In that case White might swing round his right and pin the Boers
between himself and Nicholson's Nek. In any case he could then
re-unite with his isolated wing. But if he should lose his
battle - what then? What was to become of this detachment five miles
up in the air? How was it to be extricated? The gallant Irishman
seems to have waved aside the very idea of defeat. An assurance
was, it is reported, given to the leaders of the column that by
eleven o'clock next morning they would be relieved. So they would
if White had won his action. But -
The force chosen to operate independently consisted of four and a
half companies of the Gloucester regiment, six companies of the
Royal Irish Fusiliers, and No. 10 Mountain Battery of six
seven-pounder screw-guns. They were both old soldier regiments from
India, and the Fusiliers had shown only ten days before at Talana
Hill the stuff of which they were made. Colonel Carleton, of the
Fusiliers, to whose exertions much of the success of the retreat
from Dundee was due, commanded the column, with Major Adye as staff
officer. On the night of Sunday, October 29th, they tramped out of
Ladysmith, a thousand men, none better in the army. Little they
thought, as they exchanged a jest or two with the outlying pickets,
that they were seeing the last of their own armed countrymen for
many a weary month.
The road was irregular and the night was moonless. On either side
the black loom of the hills bulked vaguely through the darkness.

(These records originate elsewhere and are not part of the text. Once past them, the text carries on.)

(* For every state $s$ (closed term of type $\mathsf{State}$), the pair $(\Vdash^s_{\mathcal{IR}},\Vdash^s)$ is a monadic realizability relation for the syntactic monad $\mathcal{IR}$; that is, (MR1) if $r\Vdash^s A$ then $\mathsf{unit}\,r\Vdash^s_{\mathcal{IR}}A$; (MR2) if $r\Vdash^s B\to C$ then $\mathsf{star}\,r\,p\Vdash^s_{\mathcal{IR}}C$ for every $p:\|B\|$ with $p\Vdash^s_{\mathcal{IR}}B$; (MR3) if $p\Vdash^s_{\mathcal{IR}}B$ and $q\Vdash^s_{\mathcal{IR}}C$ then $\mathsf{merge}\,p\,q\Vdash^s_{\mathcal{IR}}B\wedge C$ (for all closed formulas $A,B,C$).
   Context: System $T'$: simply typed $\lambda$-calculus with types from atomic types $\mathsf{Unit},\mathsf{Nat},\mathsf{State},\mathsf{Ex}$ (and others) by $\to,\times,+$; constants $\star$, $\langle\cdot,\cdot\rangle$, $\pi_1,\pi_2$, $\mathrm{inl},\mathrm{inr}$, $\mathrm{case}$, $0$, $\mathrm{succ}$, a bounded recursor, and $\mathsf{exmerge}:\mathsf{Ex}\to\mathsf{Ex}\to\mathsf{Ex}$; usual $\beta$, projection and case reductions; $t\leadsto u$: $t$ reduces to $u$; $\bar n$ numerals. States and exceptions: each closed $s:\mathsf{State}$ denotes a finite partial function $[\![s]\!]$ from pairs (a $(k+1)$-ary predicate symbol $P$, a tuple $(m_1,\dots,m_k)\in\mathbb N^k$) to $\mathbb N$ which is sound: $[\![s]\!](P,\vec m)=m$ implies $P(\vec m,m)$. States are ordered by extension $\le$. Each closed $e:\mathsf{Ex}$ denotes a partial function $[\![e]\!]$ on states with $s\le[\![e]\!](s)$ whenever defined. $e$ properly extends $s$ iff $[\![e]\!](s)$ is defined and $s<[\![e]\!](s)$. $\mathsf{exmerge}$ satisfies (EX): if $e_1$ and $e_2$ both properly extend $s$ then $\mathsf{exmerge}\,e_1\,e_2$ properly extends $s$. Monad $\mathcal{IR}$: $\mathsf TX=\mathsf{State}\to(X+\mathsf{Ex})$; $\mathsf{unit}=\lambda x\lambda\_.\mathrm{inl}\,x$; $\mathsf{star}=\lambda f\lambda a\lambda s.\mathrm{case}(as)(\lambda x.fxs)\mathrm{inr}$; $\mathsf{merge}=\lambda a\lambda b\lambda s.\mathrm{case}(as)(\lambda x.\mathrm{case}(bs)(\lambda y.\mathrm{inl}\langle x,y\rangle)\mathrm{inr})(\lambda e_1.\mathrm{case}(bs)(\lambda\_.\mathrm{inr}\,e_1)(\lambda e_2.\mathrm{inr}(\mathsf{exmerge}\,e_1e_2)))$. Formulas: first-order arithmetic, decidable atomic predicates, $\bot$ atomic never true. Types: $\|A\|=\mathsf T|A|$, $|P|=\mathsf{Unit}$, $|B\wedge C|=|B|\times|C|$, $|B\vee C|=|B|+|C|$, $|\exists xB|=\mathsf{Nat}\times|B|$, $|B\to C|=|B|\to\|C\|$, $|\forall xB|=\mathsf{Nat}\to\|B\|$. Interactive realizability relations (simultaneous induction on closed $A$): $p\Vdash^s_{\mathcal{IR}}A$ (for $p:\|A\|$) iff either $p\,s\leadsto\mathrm{inl}\,r$ with $r\Vdash^sA$, or $p\,s\leadsto\mathrm{inr}\,e$ with $e$ properly extending $s$; and $r\Vdash^sP$ iff $r\leadsto\star$ and $P$ true; $r\Vdash^sB\wedge C$ iff $\pi_1r\Vdash^sB$ and $\pi_2r\Vdash^sC$; $r\Vdash^sB\vee C$ iff $r\leadsto\mathrm{inl}\,a$ with $a\Vdash^sB$ or $r\leadsto\mathrm{inr}\,b$ with $b\Vdash^sC$; $r\Vdash^sB\to C$ iff $rp\Vdash^s_{\mathcal{IR}}C$ for all $p\Vdash^sB$; $r\Vdash^s\forall xB$ iff $r\bar n\Vdash^s_{\mathcal{IR}}B[x:=\bar n]$ for all $n$; $r\Vdash^s\exists xB$ iff $\pi_2r\Vdash^sB[x:=\pi_1r]$. *)

From Stdlib Require Import List Arith.
Import ListNotations.

Inductive ty : Type :=
| TUnit | TNat | TState | TEx
| TAtom (n : nat)
| TArr (A B : ty) | TProd (A B : ty) | TSum (A B : ty).

Inductive const : Type :=
| CStar | CPair | CP1 | CP2 | CInl | CInr | CCase
| CZero | CSucc | CRec | CExmerge
| CState (n : nat)
| CExc (n : nat).

Inductive term : Type :=
| Var (n : nat)
| Lam (t : term)
| App (t u : term)
| Con (c : const).

Inductive has_type : list ty -> term -> ty -> Prop :=
| ht_var G n T : nth_error G n = Some T -> has_type G (Var n) T
| ht_lam G t A B : has_type (A :: G) t B -> has_type G (Lam t) (TArr A B)
| ht_app G t u A B : has_type G t (TArr A B) -> has_type G u A -> has_type G (App t u) B
| ht_star G : has_type G (Con CStar) TUnit
| ht_pair G A B : has_type G (Con CPair) (TArr A (TArr B (TProd A B)))
| ht_p1 G A B : has_type G (Con CP1) (TArr (TProd A B) A)
| ht_p2 G A B : has_type G (Con CP2) (TArr (TProd A B) B)
| ht_inl G A B : has_type G (Con CInl) (TArr A (TSum A B))
| ht_inr G A B : has_type G (Con CInr) (TArr B (TSum A B))
| ht_case G A B C :
    has_type G (Con CCase) (TArr (TSum A B) (TArr (TArr A C) (TArr (TArr B C) C)))
| ht_zero G : has_type G (Con CZero) TNat
| ht_succ G : has_type G (Con CSucc) (TArr TNat TNat)
| ht_rec G T :
    has_type G (Con CRec) (TArr T (TArr (TArr TNat (TArr T T)) (TArr TNat T)))
| ht_exmerge G : has_type G (Con CExmerge) (TArr TEx (TArr TEx TEx))
| ht_state G n : has_type G (Con (CState n)) TState
| ht_exc G n : has_type G (Con (CExc n)) TEx.

Fixpoint lift (d c : nat) (t : term) : term :=
  match t with
  | Var n => if c <=? n then Var (n + d) else Var n
  | Lam t => Lam (lift d (S c) t)
  | App t u => App (lift d c t) (lift d c u)
  | Con k => Con k
  end.

Fixpoint subst (k : nat) (u : term) (t : term) : term :=
  match t with
  | Var n => if n =? k then lift k 0 u
             else if k <? n then Var (pred n) else Var n
  | Lam t => Lam (subst (S k) u t)
  | App t1 t2 => App (subst k u t1) (subst k u t2)
  | Con c => Con c
  end.

Notation "'ap2' f a b" := (App (App f a) b) (at level 10, f at level 9, a at level 9, b at level 9).
Notation "'ap3' f a b c" := (App (App (App f a) b) c)
  (at level 10, f at level 9, a at level 9, b at level 9, c at level 9).

Inductive step : term -> term -> Prop :=
| st_beta t u : step (App (Lam t) u) (subst 0 u t)
| st_p1 a b : step (App (Con CP1) (ap2 (Con CPair) a b)) a
| st_p2 a b : step (App (Con CP2) (ap2 (Con CPair) a b)) b
| st_case_inl a f g : step (ap3 (Con CCase) (App (Con CInl) a) f g) (App f a)
| st_case_inr b f g : step (ap3 (Con CCase) (App (Con CInr) b) f g) (App g b)
| st_rec0 u v : step (ap3 (Con CRec) u v (Con CZero)) u
| st_recS u v n : step (ap3 (Con CRec) u v (App (Con CSucc) n))
                       (ap2 v n (ap3 (Con CRec) u v n))
| st_appl t t' u : step t t' -> step (App t u) (App t' u)
| st_appr t u u' : step u u' -> step (App t u) (App t u')
| st_lam t t' : step t t' -> step (Lam t) (Lam t').

Inductive reds : term -> term -> Prop :=
| reds_refl t : reds t t
| reds_step t u v : step t u -> reds u v -> reds t v.

Fixpoint num (n : nat) : term :=
  match n with 0 => Con CZero | S n => App (Con CSucc) (num n) end.

Definition TT (X : ty) : ty := TArr TState (TSum X TEx).

(* unit = \x \_. inl x *)
Definition unitT : term := Lam (Lam (App (Con CInl) (Var 1))).
(* star = \f \a \s. case (a s) (\x. f x s) inr *)
Definition starT : term :=
  Lam (Lam (Lam (ap3 (Con CCase) (App (Var 1) (Var 0))
                       (Lam (ap2 (Var 3) (Var 0) (Var 1)))
                       (Con CInr)))).
(* merge = \a \b \s. case (a s) (\x. case (b s) (\y. inl <x,y>) inr)
                               (\e1. case (b s) (\_. inr e1) (\e2. inr (exmerge e1 e2))) *)
Definition mergeT : term :=
  Lam (Lam (Lam (ap3 (Con CCase) (App (Var 2) (Var 0))
    (Lam (ap3 (Con CCase) (App (Var 2) (Var 1))
             (Lam (App (Con CInl) (ap2 (Con CPair) (Var 1) (Var 0))))
             (Con CInr)))
    (Lam (ap3 (Con CCase) (App (Var 2) (Var 1))
             (Lam (App (Con CInr) (Var 1)))
             (Lam (App (Con CInr) (ap2 (Con CExmerge) (Var 1) (Var 0))))))))).

(* finite partial functions from (predicate symbol, tuple) to nat *)
Definition pfun : Type := nat -> list nat -> option nat.

Definition pfinite (f : pfun) : Prop :=
  exists l : list (nat * list nat), forall P ms, f P ms <> None -> In (P, ms) l.

(* pint P ns = truth of the decidable predicate with symbol P on ns *)
Definition psound (pint : nat -> list nat -> bool) (f : pfun) : Prop :=
  forall P ms m, f P ms = Some m -> pint P (ms ++ [m]) = true.

Definition pext (f g : pfun) : Prop :=
  forall P ms m, f P ms = Some m -> g P ms = Some m.

Definition pext_strict (f g : pfun) : Prop :=
  pext f g /\ exists P ms, f P ms <> g P ms.

Record setup : Type := {
  pint : nat -> list nat -> bool;
  st_den : term -> pfun;
  ex_den : term -> pfun -> option pfun
}.

Definition closedT (t : term) (T : ty) : Prop := has_type [] t T.

Definition proper_ext (S : setup) (e s : term) : Prop :=
  exists g, ex_den S e (st_den S s) = Some g /\ pext_strict (st_den S s) g.

Definition wf_setup (S : setup) : Prop :=
  (forall s, closedT s TState -> pfinite (st_den S s) /\ psound (pint S) (st_den S s)) /\
  (forall e f g, closedT e TEx -> pfinite f -> psound (pint S) f ->
      ex_den S e f = Some g -> pext f g /\ pfinite g /\ psound (pint S) g) /\
  (forall e1 e2 s, closedT e1 TEx -> closedT e2 TEx -> closedT s TState ->
      proper_ext S e1 s -> proper_ext S e2 s ->
      proper_ext S (ap2 (Con CExmerge) e1 e2) s).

The column tramped stolidly along, the Fusiliers in front, the guns
and Gloucesters behind. Several times a short halt was called to
make sure of the bearings. At last, in the black cold hours which
come between midnight and morning, the column swung to the left out
of the road. In front of them, hardly visible, stretched a long
black kopje. It was the very Nicholson's Nek which they had come to
occupy. Carleton and Adye must have heaved a sigh of relief as they
realised that they had actually struck it. The force was but two
hundred yards from the position, and all had gone without a hitch.

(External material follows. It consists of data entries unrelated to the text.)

(* (Lambda^3 s_1)^{s_1} = 0: brackets with e3 and e4 kill every trivector. *)
Lemma inv3_zero (w : ext R) : g_invariant 3 w -> w = 0.
Proof.
move=> [/homog3_triv [z1 [z2 [z3 [z4 ->]]]] hv].
move: (hv (ev R b4)) (hv (ev R b3)); rewrite !sch_vec_trivE !evE /= -triv0.
by move=> /triv_inj[h1 h2 h3 h4] /triv_inj[h5 h6 h7 h8]; apply: triv_congr; lra.
Qed.

Lemma inv2E (w : ext R) : g_invariant 2 w <-> exists c : R, w = c *: e12 R.
Proof.
have [-> _ _ _ _] := basis_biv.
have scale_biv c : c *: biv 1 0 0 0 0 0 = biv c 0 0 0 0 0.
  by rewrite /biv !scalerDr !scalerA mulr1 !mulr0.
split => [[/homog2_biv [y1 [y2 [y3 [y4 [y5 [y6 ->]]]]]] hv]|[c ->]].
  move: (hv (ev R b4)) (hv (ev R b3)).
  rewrite -/(delta _ (ev R b3)) -/(delta _ (ev R b4)) !deltaE !evE /= -biv0.
  move=> /biv_inj[h1 [h2 [h3 [h4 [h5 h6]]]]] /biv_inj[h7 [h8 [h9 [h10 [h11 h12]]]]].
  by exists y1; rewrite scale_biv; apply: biv_congr; lra.
rewrite scale_biv; split; first exact: homog_biv.
by move=> v; rewrite -/(delta _ v) deltaE -biv0; apply: biv_congr; ring.
Qed.

Lemma cybeE (r : ext R) : homog 2 r ->
  (schouten r r = 0 <-> [/\ x5 r = 0, x3 r * x4 r = 0 & x3 r * x6 r = 0]).
Proof.
move=> /homog2_biv [y1 [y2 [y3 [y4 [y5 [y6 ->]]]]]].
rewrite rrE !x_biv -triv0; split.
  move=> /triv_inj[h1 h2 h3 h4].
  have h5 : y5 = 0 by apply/eqP; rewrite -sqrf_eq0; apply/eqP; lra.
  by split => //; rewrite h5 in h1 h3; lra.
by move=> [h5 h34 h36]; rewrite h5; apply: triv_congr; lra.
Qed.

Lemma sch_zero (a : ext R) : schouten a 0 = 0.
Proof.
apply/ffunP => U; rewrite schE zeroE big1 // => S _; rewrite big1 // => T _.
by rewrite zeroE mulr0 mul0r.
Qed.

(* Since (Lambda^3 s_1)^{s_1} = 0, the mCYBE reduces to the CYBE. *)
Lemma rmatrix_cybe (r : ext R) : homog 2 r -> (is_rmatrix r <-> schouten r r = 0).
Proof.
move=> hr; split; first by move=> [_ /inv3_zero].
move=> h; split => //; rewrite h; split; first by move=> S _; rewrite zeroE.
by move=> v; rewrite sch_zero.
Qed.
End Invariants.

Section OrbitClasses.
Variable R : realType.

Definition cls_cond (c : orbit_cls) (y1 y2 y3 y4 y6 : R) : Prop :=
  match c with
  | O0 => [/\ y1 = 0, y2 = 0, y3 = 0, y4 = 0 & y6 = 0]
  | OIp => [/\ 0 < y1, y2 = 0, y3 = 0, y4 = 0 & y6 = 0]
  | OIm => [/\ y1 < 0, y2 = 0, y3 = 0, y4 = 0 & y6 = 0]
  | OII => [/\ y1 = 0, y2 != 0, y3 = 0, y4 = 0 & y6 = 0]
  | OIIIp => [/\ 0 < y1, y2 != 0, y3 = 0, y4 = 0 & y6 = 0]
  | OIIIm => [/\ y1 < 0, y2 != 0, y3 = 0, y4 = 0 & y6 = 0]
  | OIV => [/\ y1 = 0, y3 = 0, y4 != 0 & y6 = 0]
  | OVp => [/\ 0 < y1, y3 = 0, y4 != 0 & y6 = 0]
  | OVm => [/\ y1 < 0, y3 = 0, y4 != 0 & y6 = 0]
  | OVI => [/\ y3 != 0, y4 = 0 & y6 = 0]
  | OVII => [/\ y1 = 0, y3 = 0 & y6 != 0]
  | OVIIIp => [/\ 0 < y1, y3 = 0 & y6 != 0]
  | OVIIIm => [/\ y1 < 0, y3 = 0 & y6 != 0]
  end.

Lemma in_clsE c (y1 y2 y3 y4 y5 y6 : R) :
  in_cls c (biv y1 y2 y3 y4 y5 y6) <-> y5 = 0 /\ cls_cond c y1 y2 y3 y4 y6.
Proof.
rewrite /in_cls !x_biv; split => [[_ [h5 h]]|[h5 h]].
  by split => //; case: c h.
by split; [exact: homog_biv | split => //; case: c h].
Qed.

Lemma in_cls_homog c (r : ext R) : in_cls c r -> homog 2 r.
Proof. by case. Qed.

Lemma cls_cover (r : ext R) : is_rmatrix r -> exists c, in_cls c r.
Proof.
move=> h; have hr : homog 2 r by case: h.
move: h; rewrite rmatrix_cybe // cybeE //.
have [y1 [y2 [y3 [y4 [y5 [y6 ->]]]]]] := homog2_biv hr.
rewrite !x_biv => -[h5 h34 h36].
suff [c hc] : exists c, cls_cond c y1 y2 y3 y4 y6 by exists c; apply/in_clsE.
have [h3|h3] := eqVneq y3 0; last first.
  exists OVI; split => //.
    by move/eqP: h34; rewrite mulf_eq0 (negbTE h3) => /eqP.
  by move/eqP: h36; rewrite mulf_eq0 (negbTE h3) => /eqP.
have [h6|h6] := eqVneq y6 0; last first.
  by case: (ltrgtP y1 0) => h1; [exists OVIIIm | exists OVIIIp | exists OVII].
have [h4|h4] := eqVneq y4 0; last first.
  by case: (ltrgtP y1 0) => h1; [exists OVm | exists OVp | exists OIV].
have [h2|h2] := eqVneq y2 0; last first.
  by case: (ltrgtP y1 0) => h1; [exists OIIIm | exists OIIIp | exists OII].
by case: (ltrgtP y1 0) => h1; [exists OIm | exists OIp | exists O0].
Qed.

Definition canon (c : orbit_cls) : ext R :=
  match c with
  | O0 => biv 0 0 0 0 0 0
  | OIp => biv 1 0 0 0 0 0
  | OIm => biv (-1) 0 0 0 0 0
  | OII => biv 0 1 0 0 0 0
  | OIIIp => biv 1 1 0 0 0 0
  | OIIIm => biv (-1) 1 0 0 0 0
  | OIV => biv 0 0 0 1 0 0
  | OVp => biv 1 0 0 1 0 0
  | OVm => biv (-1) 0 0 1 0 0
  | OVI => biv 0 0 1 0 0 0
  | OVII => biv 0 0 0 0 0 1
  | OVIIIp => biv 1 0 0 0 0 1
  | OVIIIm => biv (-1) 0 0 0 0 1
  end.

Lemma canon_in c : in_cls c (canon c).
Proof.
by case: c; apply/in_clsE; split => //; split; rewrite ?ltr01 ?oppr_lt0 ?oner_neq0.
Qed.

Lemma neq0_eq (x y : R) : x = y -> y != 0 -> x != 0.
Proof. by move=> ->. Qed.

(* Each class is stable under automorphisms: with x5 = 0 the coordinates
   transform triangularly, x1 by the positive factor a^2 when x3 = 0. *)
Lemma orbit_stable c (r : ext R) T : in_cls c r -> is_aut T -> in_cls c (lam2 T r).
Proof.
move=> hc /aut_form[a [b [q [d [e [f [ha hq ->]]]]]]].
have [y1 [y2 [y3 [y4 [y5 [y6 E]]]]]] := homog2_biv (in_cls_homog hc).
rewrite E in hc *; move/in_clsE: hc => [h5 hc]; rewrite lam2E; apply/in_clsE.
rewrite h5; split; first ring.
have ha2 : 0 < a ^+ 2 by rewrite exprn_even_gt0 // ha orbT.
have haq : a * q != 0 by rewrite mulf_neq0.
case: c hc => /=.
- by move=> [-> -> -> -> ->]; split; ring.
- by move=> [h1 -> -> -> ->]; split; try ring; nra.
- by move=> [h1 -> -> -> ->]; split; try ring; nra.
- move=> [-> h2 -> -> ->]; split; try ring.
  by apply: (neq0_eq (y := a * q * y2)); [ring | rewrite mulf_neq0].
- move=> [h1 h2 -> -> ->]; split; try ring; first nra.
  by apply: (neq0_eq (y := a * q * y2)); [ring | rewrite mulf_neq0].
- move=> [h1 h2 -> -> ->]; split; try ring; first nra.
  by apply: (neq0_eq (y := a * q * y2)); [ring | rewrite mulf_neq0].
- move=> [-> -> h4 ->]; split; try ring.
  by apply: (neq0_eq (y := a * q * y4)); [ring | rewrite mulf_neq0].
- move=> [h1 -> h4 ->]; split; try ring; first nra.
  by apply: (neq0_eq (y := a * q * y4)); [ring | rewrite mulf_neq0].
- move=> [h1 -> h4 ->]; split; try ring; first nra.
  by apply: (neq0_eq (y := a * q * y4)); [ring | rewrite mulf_neq0].
- move=> [h3 -> ->]; split; try ring.
  by apply: (neq0_eq (y := a * y3)); [ring | rewrite mulf_neq0].
- move=> [-> -> h6]; split; try ring.
  by apply: (neq0_eq (y := q * y6)); [ring | rewrite mulf_neq0].
- move=> [h1 -> h6]; split; try ring; first nra.
  by apply: (neq0_eq (y := q * y6)); [ring | rewrite mulf_neq0].
- move=> [h1 -> h6]; split; try ring; first nra.
  by apply: (neq0_eq (y := q * y6)); [ring | rewrite mulf_neq0].
Qed.

Lemma sqrt_neq0 (x : R) : 0 < x -> Num.sqrt x != 0.
Proof. by move=> hx; rewrite sqrtr_eq0 -ltNge. Qed.

Ltac nonzero_side :=
  repeat (match goal with H : is_true (_ != 0) |- _ => rewrite H end); try done.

And yet in those two hundred yards there came an incident which
decided the fate both of their enterprise and of themselves.
Out of the darkness there blundered and rattled five horsemen,
their horses galloping, the loose stones flying around them. In the
dim light they were gone as soon as seen. Whence coming, whither
going, no one knows, nor is it certain whether it was design or
ignorance or panic which sent them riding so wildly through the
darkness. Somebody fired. A sergeant of the Fusiliers took the
bullet through his hand. Some one else shouted to fix bayonets. The
mules which carried the spare ammunition kicked and reared. There
was no question of treachery, for they were led by our own men, but
to hold two frightened mules, one with either hand, is a feat for a
Hercules. They lashed and tossed and bucked themselves loose, and
an instant afterwards were flying helter skelter through the
column. Nearly all the mules caught the panic. In vain the men held
on to their heads. In the mad rush they were galloped over and
knocked down by the torrent of frightened creatures. In the gloom
of that early hour the men must have thought that they were charged
by cavalry. The column was dashed out of all military order as
effectively as if a regiment of dragoons had ridden over them. When
the cyclone had passed, and the men had with many a muttered curse
gathered themselves into their ranks once more, they realised how
grave was the misfortune which had befallen them. There, where
those mad hoofs still rattled in the distance, were their spare
cartridges, their shells, and their cannon. A mountain gun is not
drawn upon wheels, but is carried in adjustable parts upon
mule-back. A wheel had gone south, a trail east, a chase west. Some
of the cartridges were strewn upon the road. Most were on their way
back to Ladysmith. There was nothing for it but to face this new
situation and to determine what should be done.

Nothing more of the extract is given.